Governance Interactions

  • Approval-gated capabilities remain allowed only as governed decisions; downstream execution still requires explicit approval artifacts.
  • Unknown capability IDs return fail-closed reports.
  • Missing required providers deny provider-backed capabilities and surface alternatives.
  • Mutation requests without mutation permission deny the mutating capability and prefer read-only or simulation alternatives.
  • Forbidden capabilities always deny and emit Zeus advisory hooks.

Replay Examples

Arbitration reports contain stable request IDs derived from request content, selected capability IDs, deterministic denial reasons, sorted alternatives, required evidence, and policy warnings. Simulation systems can replay the same request against the same registry and compare the report without calling providers or mutating runtime state.

Oracle Visibility

Oracle receives read-only visibility into:

  • registered capability contracts
  • governance and approval requirements
  • provider readiness expectations
  • degradation states
  • capability conflicts
  • arbitration explanations supplied by callers
  • Zeus advisory warnings
  • readiness graph dependencies and downstream risk propagation
  • transport-neutral dashboard cards and panels
  • evidence-index replay hashes
  • operational topology nodes and dependency edges
  • degradation lineage reconstructed from supplied operational snapshots
  • readiness drift and stable-state comparison reports
  • governance risk warnings derived from capability contracts
  • bottleneck analysis and safe inspection recommendations
  • Zeus advisory hook metadata with no authority transfer

Oracle remains read-only and never becomes source of truth or repair authority. Provider-dependent capabilities remain blocked or unknown until explicit provider readiness evidence is supplied; Oracle does not invent healthy provider state.

Future Zeus Integration

The ontology includes advisory hooks for:

  • doctrine drift warnings
  • forbidden capability detection
  • unsafe composition detection
  • provider overreach warnings
  • transport-coupling warnings
  • escalation creep warnings

Zeus hooks are metadata only. They do not auto-repair, auto-block beyond local policy, or create supervision authority inside the capability layer.
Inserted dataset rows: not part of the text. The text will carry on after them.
Lemma gram_term_offdiag (k k' : 'I_n) (x y : X) :
  k != k' -> kron (fun j => gram k k' j) x y = 0.
Proof.
case: (ltngtP k k') => [lt_kk' | lt_k'k | /val_inj ->]; last by rewrite eqxx.
  move=> _; apply: (kron_eq0 k'); rewrite /= /Uterm (kron_sel_gt lt_kk') kron_sel_id.
  rewrite /Ufactor (negPf (lt0n_neq0 (leq_ltn_trans (leq0n k) lt_kk'))).
  exact: Amx_centered_orth (U_orthonormal k') (U_col0 k') (sum_sigma k').
move=> _; apply: (kron_eq0 k); rewrite /= /Uterm (kron_sel_gt lt_k'k) kron_sel_id.
rewrite /Ufactor (negPf (lt0n_neq0 (leq_ltn_trans (leq0n k') lt_k'k))).
exact: centered_Amx_orth (U_orthonormal k) (U_col0 k) (sum_sigma k).
Qed.

Lemma gram_diag (k j : 'I_n) :
  gram k k j = if (j < k)%N then 1%:M else if (k < j)%N then Jdiag R m j
               else if nat_of_ord k == 0%N then 1%:M else 1%:M - Jdiag R m j.
Proof.
rewrite /Uterm; case: (ltngtP j k) => [lt_jk | lt_kj | /val_inj eq_jk].
- by rewrite !(kron_sel_lt lt_jk) (Inorm_orthonormal (sigma_gt0 j)).
- by rewrite !(kron_sel_gt lt_kj) (Amx_gram (sum_sigma j)).
subst j; rewrite kron_sel_id /Ufactor; case: eqP => _; first exact: U_orthonormal.
exact: centered_gram (U_orthonormal k) (U_col0 k) (sum_sigma k).
Qed.

Lemma Ubig_orthonormal (x y : X) : (0 < n)%N ->
  mulX (mulX (trX (Ubig sigma U)) (Dbig sigma)) (Ubig sigma U) x y = idX x y.
Proof.
move=> n_gt0.
have UT_kron x' y' : trX (Ubig sigma U) x' y'
    = \sum_k 1 * kron (fun j => (Uterm k j)^T) x' y'.
  by rewrite /trX Ubig_kron; apply: eq_bigr => k _; congr (_ * _); exact: kron_trX.
have D_kron x' y' : Dbig sigma x' y' = \sum_(u < 1) 1 * kron (Dmx sigma) x' y'.
  by rewrite big_ord1 mul1r.
have UTD_kron x' y' : mulX (trX (Ubig sigma U)) (Dbig sigma) x' y'
    = \sum_k 1 * kron (fun j => (Uterm k j)^T *m Dmx sigma j) x' y'.
  by rewrite (mulX_kron_sums UT_kron D_kron); apply: eq_bigr => k _; rewrite big_ord1 mulr1.
rewrite (mulX_kron_sums UTD_kron Ubig_kron).
transitivity (\sum_k kron (fun j => gram k k j) x y).
  apply: eq_bigr => k _; rewrite (bigD1 k) //= big1 ?addr0 ?mul1r // => k' k'_neq_k.
  by rewrite gram_term_offdiag ?mulr0 // eq_sym.
rewrite idX_kron /kron -(sum_prod_telescope
  (fun j => (1%:M : 'M[R]_(m j)) (x j) (y j)) (fun j => Jdiag R m j (x j) (y j)) n_gt0).
apply: eq_bigr => k _; apply: eq_bigr => j _; rewrite gram_diag.
do 3!case: ifP => _ //; rewrite mxE; congr (_ + _); exact: mxE.
Qed.

End Orthonormal.
End SpectralDecomposition.

Theorem corollary6p2 (R : realType) (n : nat) (m : 'I_n -> nat)
    (P : forall i : 'I_n, 'M[R]_(m i)) (sigma : forall i : 'I_n, 'I_(m i) -> R)
    (p : 'I_n -> R) (U Delta : forall i : 'I_n, 'M[R]_(m i)) :
  (forall i, stochastic (P i)) ->
  (forall i, irreducible (P i)) ->
  (forall i, detailed_balance (P i) (sigma i)) ->
  (forall i x, 0 < sigma i x) ->
  (forall i, \sum_x sigma i x = 1) ->
  (forall (i : 'I_n), (0 < i)%N -> forall x, sigma i x = (m i)%:R^-1) ->
  (forall i, 0 < p i) ->
  \sum_i p i = 1 ->
  (forall i, is_diag_mx (Delta i)) ->
  (forall i, P i *m U i = U i *m Delta i) ->
  (forall i, (U i)^T *m Dmx sigma i *m U i = 1%:M) ->
  (forall i x y, nat_of_ord y = 0%N -> U i x y = 1) ->
  (forall i y, nat_of_ord y = 0%N -> Delta i y y = 1) ->
  (forall x y, mulX (Pbig p P) (Ubig sigma U) x y
               = mulX (Ubig sigma U) (Deltabig p Delta) x y) /\
  (forall x y, mulX (mulX (trX (Ubig sigma U)) (Dbig sigma)) (Ubig sigma U) x y
               = idX x y).
Proof.
move=> P_stoch _ _ sigma_gt0 sum_sigma sigma_unif _ sum_p Delta_diag PU_UDelta
  U_orthonormal U_col0 Delta00.
have n_gt0 : (0 < n)%N.
  have [n0|//] := posnP n; move: sum_p; rewrite big1 => [/esym/eqP|i _].
    by rewrite oner_eq0.
  by have := leq_trans (ltn_ord i) (eq_leq n0).
split=> x y; first exact: Ubig_eigen.
exact: Ubig_orthonormal.
Qed.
Future Underlord Integration

Underlord can consume arbitration reports as bounded governance artifacts for future evaluation, simulation, and quality scoring. It should compare decisions, evidence requirements, degradation behavior, and planner choices without invoking providers or executor lanes directly.

For inference, Underlord approval metadata is required before paid frontier providers can be selected unless a role is explicitly inside a bounded no-approval budget. Silent paid fallback and open-ended token spend are forbidden.
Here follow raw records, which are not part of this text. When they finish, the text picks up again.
Lemma ell_integrand_ratio_le k1 k2 s t :
  k1 ^ 2 <= k2 ^ 2 -> k2 ^ 2 < 1 -> 0 <= s <= t -> t <= PI / 2 ->
  ell_integrand k2 s * ell_integrand k1 t <= ell_integrand k2 t * ell_integrand k1 s.
Proof.
  intros Hk12 Hk2 Hst Ht. pose proof PI_RGT_0.
  assert (Hsin : sin s ^ 2 <= sin t ^ 2).
  { assert (0 <= sin s) by (apply sin_ge_0; lra).
    assert (sin s <= sin t) by (apply sin_incr_1; lra).
    nra. }
  assert (Hk1 : k1 ^ 2 < 1) by lra.
  pose proof (ell_radicand_pos k1 s Hk1). pose proof (ell_radicand_pos k1 t Hk1).
  pose proof (ell_radicand_pos k2 s Hk2). pose proof (ell_radicand_pos k2 t Hk2).
  pose proof (pow2_ge_0 (sin s)).
  unfold ell_integrand. rewrite <- !Rinv_mult, <- !sqrt_mult by lra.
  apply Rinv_sqrt_le_contravar; nra.
Qed.

Lemma ellF_div_ellK_anti k1 k2 psi :
  k1 ^ 2 <= k2 ^ 2 -> k2 ^ 2 < 1 -> 0 <= psi <= PI / 2 ->
  ellF psi k2 / ellK k2 <= ellF psi k1 / ellK k1.
Proof.
  intros Hk12 Hk2 Hpsi. assert (Hk1 : k1 ^ 2 < 1) by lra.
  pose proof (ellK_ge_PI2 k1 Hk1). pose proof (ellK_ge_PI2 k2 Hk2). pose proof PI_RGT_0.
  apply Rdiv_le_div_cross; [lra | lra |].
  apply RInt_initial_share_le; [lra | now apply ex_RInt_ell_integrand .. | |].
  - intros x _. split; now apply ell_integrand_pos.
  - intros s t Hst Ht. now apply ell_integrand_ratio_le.
Qed.

(* The complementary amplitude: [k' tan phi tan (ell_complement k phi) = 1]. *)
Definition ell_complement (k phi : R) : R := PI / 2 - atan (sqrt (1 - k ^ 2) * tan phi).

Lemma ell_radicand_complement k x : k ^ 2 < 1 -> cos x <> 0 ->
  1 - k ^ 2 * sin (ell_complement k x) ^ 2 = (1 - k ^ 2) / (1 - k ^ 2 * sin x ^ 2).
Proof.
  intros Hk Hc. pose proof (ell_radicand_pos k x Hk) as HD.
  assert (Hpyth : sin x ^ 2 + cos x ^ 2 = 1) by (rewrite <- (sin2_cos2 x); unfold Rsqr; ring).
  unfold ell_complement. rewrite sin_shift, cos_atan.
  set (u := sqrt (1 - k ^ 2) * tan x).
  assert (Hu : 1 + u² = (1 - k ^ 2 * sin x ^ 2) / cos x ^ 2).
  { unfold u, tan. rewrite Rsqr_mult, Rsqr_sqrt by lra. unfold Rsqr.
    field_simplify_eq; [nra | easy]. }
  assert (Hu_pos : 0 < 1 + u²) by (pose proof (Rle_0_sqr u); lra).
  replace ((1 / sqrt (1 + u²)) ^ 2) with (/ (1 + u²))
    by (unfold Rdiv; rewrite Rmult_1_l, pow_inv, pow2_sqrt; lra).
  rewrite Hu. field_simplify_eq; [nra | repeat split; try easy; lra].
Qed.

Lemma ell_integrand_complement_chain k x : k ^ 2 < 1 -> cos x <> 0 ->
  - sqrt (1 - k ^ 2) / (1 - k ^ 2 * sin x ^ 2) * ell_integrand k (ell_complement k x)
  = - ell_integrand k x.
Proof.
  intros Hk Hc. pose proof (ell_radicand_pos k x Hk) as HD.
  assert (0 < sqrt (1 - k ^ 2)) by (apply sqrt_lt_R0; lra).
  assert (0 < sqrt (1 - k ^ 2 * sin x ^ 2)) by now apply sqrt_lt_R0.
  assert (Hsq : sqrt (1 - k ^ 2 * sin x ^ 2) * sqrt (1 - k ^ 2 * sin x ^ 2)
                = 1 - k ^ 2 * sin x ^ 2) by (apply sqrt_sqrt; lra).
  unfold ell_integrand. rewrite ell_radicand_complement, sqrt_div_alt by easy.
  rewrite <- Hsq at 1. field. lra.
Qed.

Lemma is_derive_ell_complement k x : k ^ 2 < 1 -> cos x <> 0 ->
  is_derive (ell_complement k) x (- sqrt (1 - k ^ 2) / (1 - k ^ 2 * sin x ^ 2)).
Proof.
  intros Hk Hc. pose proof (ell_radicand_pos k x Hk) as HD.
  assert (Hpyth : sin x ^ 2 + cos x ^ 2 = 1) by (rewrite <- (sin2_cos2 x); unfold Rsqr; ring).
  assert (Hsq : sqrt (1 - k ^ 2) * sqrt (1 - k ^ 2) = 1 - k ^ 2) by (apply sqrt_sqrt; lra).
  unfold ell_complement, tan. auto_derive; [easy |].
  change (k * (k * 1)) with (k ^ 2). set (K := sqrt (1 - k ^ 2)) in *.
  assert (Hden : cos x * cos x + K * sin x * (K * sin x) = 1 - k ^ 2 * sin x ^ 2).
  { replace (K * sin x * (K * sin x)) with (K * K * sin x ^ 2) by ring. rewrite Hsq. nra. }
  field_simplify_eq; [| rewrite Hden; repeat split; try easy; nra].
  replace (K ^ 3) with (K * (K * K)) by ring. rewrite Hsq.
  replace (cos x ^ 2) with (1 - sin x ^ 2) by lra. ring.
Qed.

Lemma ellF_add_complement k phi : k ^ 2 < 1 -> - (PI / 2) < phi < PI / 2 ->
  ellF phi k + ellF (ell_complement k phi) k = ellK k.
Proof.
  intros Hk Hphi. pose proof PI_RGT_0.
  set (f := ell_integrand k). set (psi := ell_complement k phi).
  set (dg := fun x => - sqrt (1 - k ^ 2) / (1 - k ^ 2 * sin x ^ 2)).
  assert (Hint : forall u v, ex_RInt f u v) by (intros; now apply ex_RInt_ell_integrand).
  assert (Hcos : forall x, Rmin 0 phi <= x <= Rmax 0 phi -> cos x <> 0).
  { intros x Hx. apply Rgt_not_eq, cos_gt_0;
      [apply (Rlt_le_trans _ (Rmin 0 phi)) | apply (Rle_lt_trans _ (Rmax 0 phi))];
      try apply Rmin_glb_lt; try apply Rmax_lub_lt; lra. }
  assert (Hdg : forall x, Rmin 0 phi <= x <= Rmax 0 phi ->
            is_derive (ell_complement k) x (dg x) /\ continuous dg x).
  { intros x Hx. split; [now apply is_derive_ell_complement, Hcos |].
    apply (ex_derive_continuous (V := R_NormedModule)).
    pose proof (ell_radicand_pos k x Hk) as HD. unfold dg. auto_derive. simpl in HD. lra. }
  assert (Hsubst := RInt_comp (V := R_CompleteNormedModule) f (ell_complement k) dg 0 phi
                      (fun x _ => ell_integrand_continuous k _ Hk) Hdg).
  assert (Hg0 : ell_complement k 0 = PI / 2).
  { unfold ell_complement. rewrite tan_0, Rmult_0_r, atan_0. lra. }
  assert (Hflip : RInt (fun x => - f x) 0 phi = RInt f (PI / 2) psi).
  { rewrite <- Hg0. etransitivity; [| exact Hsubst]. apply RInt_ext. intros x Hx.
    symmetry. apply ell_integrand_complement_chain; [easy | apply Hcos; lra]. }
  assert (Hopp : RInt (fun x => - f x) 0 phi = - RInt f 0 phi)
    by exact (RInt_opp f 0 phi (Hint _ _)).
  assert (Hswap : RInt f (PI / 2) psi = - RInt f psi (PI / 2))
    by exact (eq_sym (opp_RInt_swap f psi (PI / 2) (Hint _ _))).
  rewrite ellK_RInt, !ellF_RInt. fold f psi.
  rewrite <- (RInt_Chasles_R f 0 psi (PI / 2)) by apply Hint.
  rewrite Hopp, Hswap in Hflip. lra.
Qed.

(** * The moduli [k_lambda] and the function [omega] *)

Lemma k_lam_sq a b l : 0 < b < a -> 0 <= l < b ->
  k_lam a b l ^ 2 = (a ^ 2 - b ^ 2) / (a ^ 2 - l ^ 2).
Proof. intros Hab Hl. apply pow2_sqrt, Rdiv_le_0_compat; nra. Qed.

Lemma k_lam_pos a b l : 0 < b < a -> 0 <= l < b -> 0 < k_lam a b l.
Proof. intros Hab Hl. apply sqrt_lt_R0, Rdiv_lt_0_compat; nra. Qed.

Lemma k_lam_lt_1 a b l : 0 < b < a -> 0 <= l < b -> k_lam a b l < 1.
Proof.
  intros Hab Hl. rewrite <- sqrt_1. apply sqrt_lt_1_alt.
  split; [apply Rdiv_le_0_compat | apply Rlt_div_l]; nra.
Qed.

Lemma k_lam_sq_lt_1 a b l : 0 < b < a -> 0 <= l < b -> k_lam a b l ^ 2 < 1.
Proof. intros Hab Hl. rewrite k_lam_sq by easy. apply Rlt_div_l; nra. Qed.

Lemma k_lam_lt a b l1 l2 : 0 < b < a -> 0 <= l1 < l2 -> l2 < b ->
  k_lam a b l1 < k_lam a b l2.
Proof.
  intros Hab Hl Hl2. apply sqrt_lt_1_alt. split; [apply Rdiv_le_0_compat; nra |].
  apply Rmult_lt_compat_l; [nra |].
  apply Rinv_lt_contravar; [apply Rmult_lt_0_compat |]; nra.
Qed.

Lemma k_lam_le a b l1 l2 : 0 < b < a -> 0 <= l1 <= l2 -> l2 < b ->
  k_lam a b l1 <= k_lam a b l2.
Proof.
  intros Hab [Hl1 [Hlt | <-]] Hl2; [left; apply k_lam_lt; lra | lra].
Qed.

Lemma ecc_eq_k_lam_0 a b : 0 < a -> ecc a b = k_lam a b 0.
Proof. intros Ha. unfold ecc, k_lam. f_equal. field. lra. Qed.

Lemma ell_complement_k_lam_asin a b l : 0 < b < a -> 0 <= l < b ->
  ell_complement (k_lam a b l) (asin (l / b)) = PI / 2 - atan (l / sqrt (a ^ 2 - l ^ 2)).
Proof.
  intros Hab Hl. unfold ell_complement. do 2 f_equal.
  assert (Hlb : -1 <= l / b <= 1).
  { split; [apply (Rle_trans _ 0); [lra | apply Rdiv_le_0_compat; lra] | apply Rle_div_l; lra]. }
  rewrite tan_asin by easy.
  replace (1 - k_lam a b l ^ 2) with ((b ^ 2 - l ^ 2) / (a ^ 2 - l ^ 2))
    by (rewrite k_lam_sq by easy; field; nra).
  replace (1 - (l / b)²) with ((b ^ 2 - l ^ 2) / b ^ 2) by (unfold Rsqr; field; lra).
  assert (0 < sqrt (b ^ 2 - l ^ 2)) by (apply sqrt_lt_R0; nra).
  assert (0 < sqrt (a ^ 2 - l ^ 2)) by (apply sqrt_lt_R0; nra).
  rewrite !sqrt_div_alt, sqrt_pow2 by nra.
  field. lra.
Qed.

Lemma omega_complement a b l : 0 < b < a -> 0 <= l < b ->
  omega a b l
  = (1 - ellF (PI / 2 - atan (l / sqrt (a ^ 2 - l ^ 2))) (k_lam a b l) / ellK (k_lam a b l)) / 2.
Proof.
  intros Hab Hl. pose proof (k_lam_sq_lt_1 a b l Hab Hl) as Hk.
  assert (Hphi : - (PI / 2) < asin (l / b) < PI / 2).
  { apply asin_bound_lt. split; [apply (Rlt_le_trans _ 0); [lra | apply Rdiv_le_0_compat; lra]
                               | apply Rlt_div_l; lra]. }
  pose proof (ellF_add_complement _ _ Hk Hphi) as Hadd.
  rewrite ell_complement_k_lam_asin in Hadd by easy.
  pose proof (ellK_ge_PI2 _ Hk). pose proof PI_RGT_0.
  unfold omega.
  replace (ellF (asin (l / b)) (k_lam a b l))
    with (ellK (k_lam a b l) - ellF (PI / 2 - atan (l / sqrt (a ^ 2 - l ^ 2))) (k_lam a b l))
    by lra.
  field. lra.
Qed.

Lemma omega_le a b l1 l2 : 0 < b < a -> 0 <= l1 <= l2 -> l2 < b ->
  omega a b l1 <= omega a b l2.
Proof.
  intros Hab Hl Hl2. rewrite !omega_complement by lra.
  set (k1 := k_lam a b l1). set (k2 := k_lam a b l2).
  set (u1 := l1 / sqrt (a ^ 2 - l1 ^ 2)). set (u2 := l2 / sqrt (a ^ 2 - l2 ^ 2)).
  assert (Hk12 : k1 ^ 2 <= k2 ^ 2).
  { apply pow_incr. split; [left; apply k_lam_pos | apply k_lam_le]; lra. }
  assert (Hk2 : k2 ^ 2 < 1) by (apply k_lam_sq_lt_1; lra).
  assert (Hu : 0 <= u1 <= u2).
  { assert (0 < sqrt (a ^ 2 - l2 ^ 2)) by (apply sqrt_lt_R0; nra).
    assert (sqrt (a ^ 2 - l2 ^ 2) <= sqrt (a ^ 2 - l1 ^ 2)) by (apply sqrt_le_1_alt; nra).
    split; [apply Rdiv_le_0_compat; lra |].
    apply Rmult_le_compat; [lra | left; apply Rinv_0_lt_compat; lra | lra |].
    now apply Rinv_le_contravar. }
  assert (Hpsi : 0 <= PI / 2 - atan u2 <= PI / 2 - atan u1 /\ PI / 2 - atan u1 <= PI / 2).
  { pose proof (atan_bound u2). pose proof (atan_le 0 u1 (proj1 Hu)).
    pose proof (atan_le u1 u2 (proj2 Hu)). rewrite atan_0 in *. lra. }
  pose proof (ellK_ge_PI2 k2 Hk2). pose proof PI_RGT_0.
  enough (ellF (PI / 2 - atan u2) k2 / ellK k2 <= ellF (PI / 2 - atan u1) k1 / ellK k1) by lra.
  apply (Rle_trans _ (ellF (PI / 2 - atan u1) k2 / ellK k2)).
  - apply Rmult_le_compat_r; [left; apply Rinv_0_lt_compat; lra |].
    apply ellF_le; [easy | lra].
  - apply ellF_div_ellK_anti; [easy | easy | lra].
Qed.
Relationship To Coordination Cognition

The coordination cognition substrate consumes capability contracts through the file-backed ontology and arbitration semantics. Capability composition analysis is fail-closed: unknown IDs, forbidden capabilities, mutation-capable chains, provider-owned orchestration risk, and transport-coupling risk remain warnings or blockers inside reports, never execution authority.
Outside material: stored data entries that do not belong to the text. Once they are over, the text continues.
(* Assume (A1) differentiability, (A2) convexity, (A3) $\mu$-strong convexity of $f$, (A4) interpolation and (SS) Star Similarity with constant $\delta_*>0$ (with respect to the point $x_*$, which is the minimizer of $f$ and satisfies (A4)). If the stepsize satisfies $0<\gamma\le\frac{\mu}{2\delta_*^2}$, then the iterates of SPPM satisfy, for every $k\ge0$, $$\mathbb{E}\big[\|x_k-x_*\|^2\big]\le\left(1-\min\Big(\frac{\gamma\mu}{4},\frac12\Big)\right)^k\|x_0-x_*\|^2 .$$
   Context: Setting: $\mathcal{D}$ is a probability distribution over samples $\xi$; for each $\xi$, $f_\xi:\mathbb{R}^d\to\mathbb{R}$; $f(x)=\mathbb{E}_{\xi\sim\mathcal{D}}[f_\xi(x)]$, with $\nabla f(x)=\mathbb{E}[\nabla f_\xi(x)]$. Assumptions: (A1) $f_\xi$ differentiable for $\mathcal{D}$-a.e. $\xi$; (A2) $f_\xi$ convex for $\mathcal{D}$-a.e. $\xi$; (A3) $f(x)\ge f(y)+\langle\nabla f(y),x-y\rangle+\frac\mu2\|x-y\|^2$ for all $x,y$; (A4) (interpolation) there exists $x_*$ with $\nabla f_\xi(x_* )=0$ for $\mathcal{D}$-a.e. $\xi$; (SS) (Star Similarity) there exist a minimizer $x_*$ of $f$ and $\delta_*>0$ with $\mathbb{E}_{\xi\sim\mathcal{D}}\big[\|\nabla f_\xi(x)-\nabla f(x)-\nabla f_\xi(x_* )\|^2\big]\le\delta_*^2\|x-x_*\|^2$ for all $x\in\mathbb{R}^d$. SPPM: given $\gamma>0$, $x_0\in\mathbb{R}^d$, and i.i.d. $\xi_0,\xi_1,\dots\sim\mathcal{D}$, set $x_{k+1}=\arg\min_{z}\{f_{\xi_k}(z)+\frac{1}{2\gamma}\|z-x_k\|^2\}$. *)

From HB Require Import structures.
From mathcomp Require Import all_boot all_order all_algebra.
From mathcomp Require Import all_classical all_reals all_analysis.
Set Implicit Arguments. Unset Strict Implicit. Unset Printing Implicit Defensive.
Import Order.TTheory GRing.Theory Num.Theory.
Import numFieldNormedType.Exports.
Local Open Scope ring_scope.

Definition dotv (R : realType) (d : nat) (x y : 'rV[R]_d) : R :=
  \sum_(i < d) x ord0 i * y ord0 i.

Definition sqn (R : realType) (d : nat) (x : 'rV[R]_d) : R := dotv x x.

Definition is_gradient (R : realType) (d : nat) (h : 'rV[R]_d -> R^o)
  (gr : 'rV[R]_d) (x : 'rV[R]_d) : Prop :=
  differentiable h x /\ forall v, 'd h x v = dotv gr v.

Definition convex_fun (R : realType) (d : nat) (h : 'rV[R]_d -> R) : Prop :=
  forall (x y : 'rV[R]_d) (t : R), 0 <= t -> t <= 1 ->
    h (t *: x + (1 - t) *: y) <= t * h x + (1 - t) * h y.

(* SPPM iterate after processing the samples s = [:: xi_0; ...; xi_(k-1)]:
   x_(j+1) = prox xi_j x_j, starting from x0. *)
Definition sppm (T : Type) (V : Type) (prox : T -> V -> V) (x0 : V)
  (s : seq T) : V := foldl (fun x xi => prox xi x) x0 s.

(* Expectation with respect to n i.i.d. samples xi_0, ..., xi_(n-1) ~ D of a
   (nonnegative) function of the sample list [:: xi_0; ...; xi_(n-1)],
   computed as the iterated integral (product measure D^n). *)
Fixpoint iid_expect (dT : measure_display) (T : measurableType dT)
  (R : realType) (D : probability T R) (n : nat)
  (Phi : seq T -> \bar R) {struct n} : \bar R :=
  match n with
  | 0 => Phi [::]
  | n'.+1 => (\int[D]_xi iid_expect D n' (fun s => Phi (xi :: s)))%E
  end.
Coordination proposals may reference safer alternatives such as capability.plan.preview or capability.simulate.governance_policy, but the proposal layer cannot invoke those capabilities. Capability visibility remains separate from capability authority.

Relationship To Operator Routing

Capability-inspection requests in Luna route through operational cognition and Oracle visibility. They do not imply capability invocation. Requests that ask to execute or mutate with a capability remain outside capability inspection and must pass through explicit governance and approval paths.

Migration Notes For Historical Runtime Naming

Historical names such as router, executor, lane, provider, adapter, memory, Oracle, and planner remain valid implementation or subsystem terms. New cognition and governance surfaces should reference canonical capability IDs when reasoning about what is being requested. Existing runtime names should map to capability contracts instead of being treated as raw authority.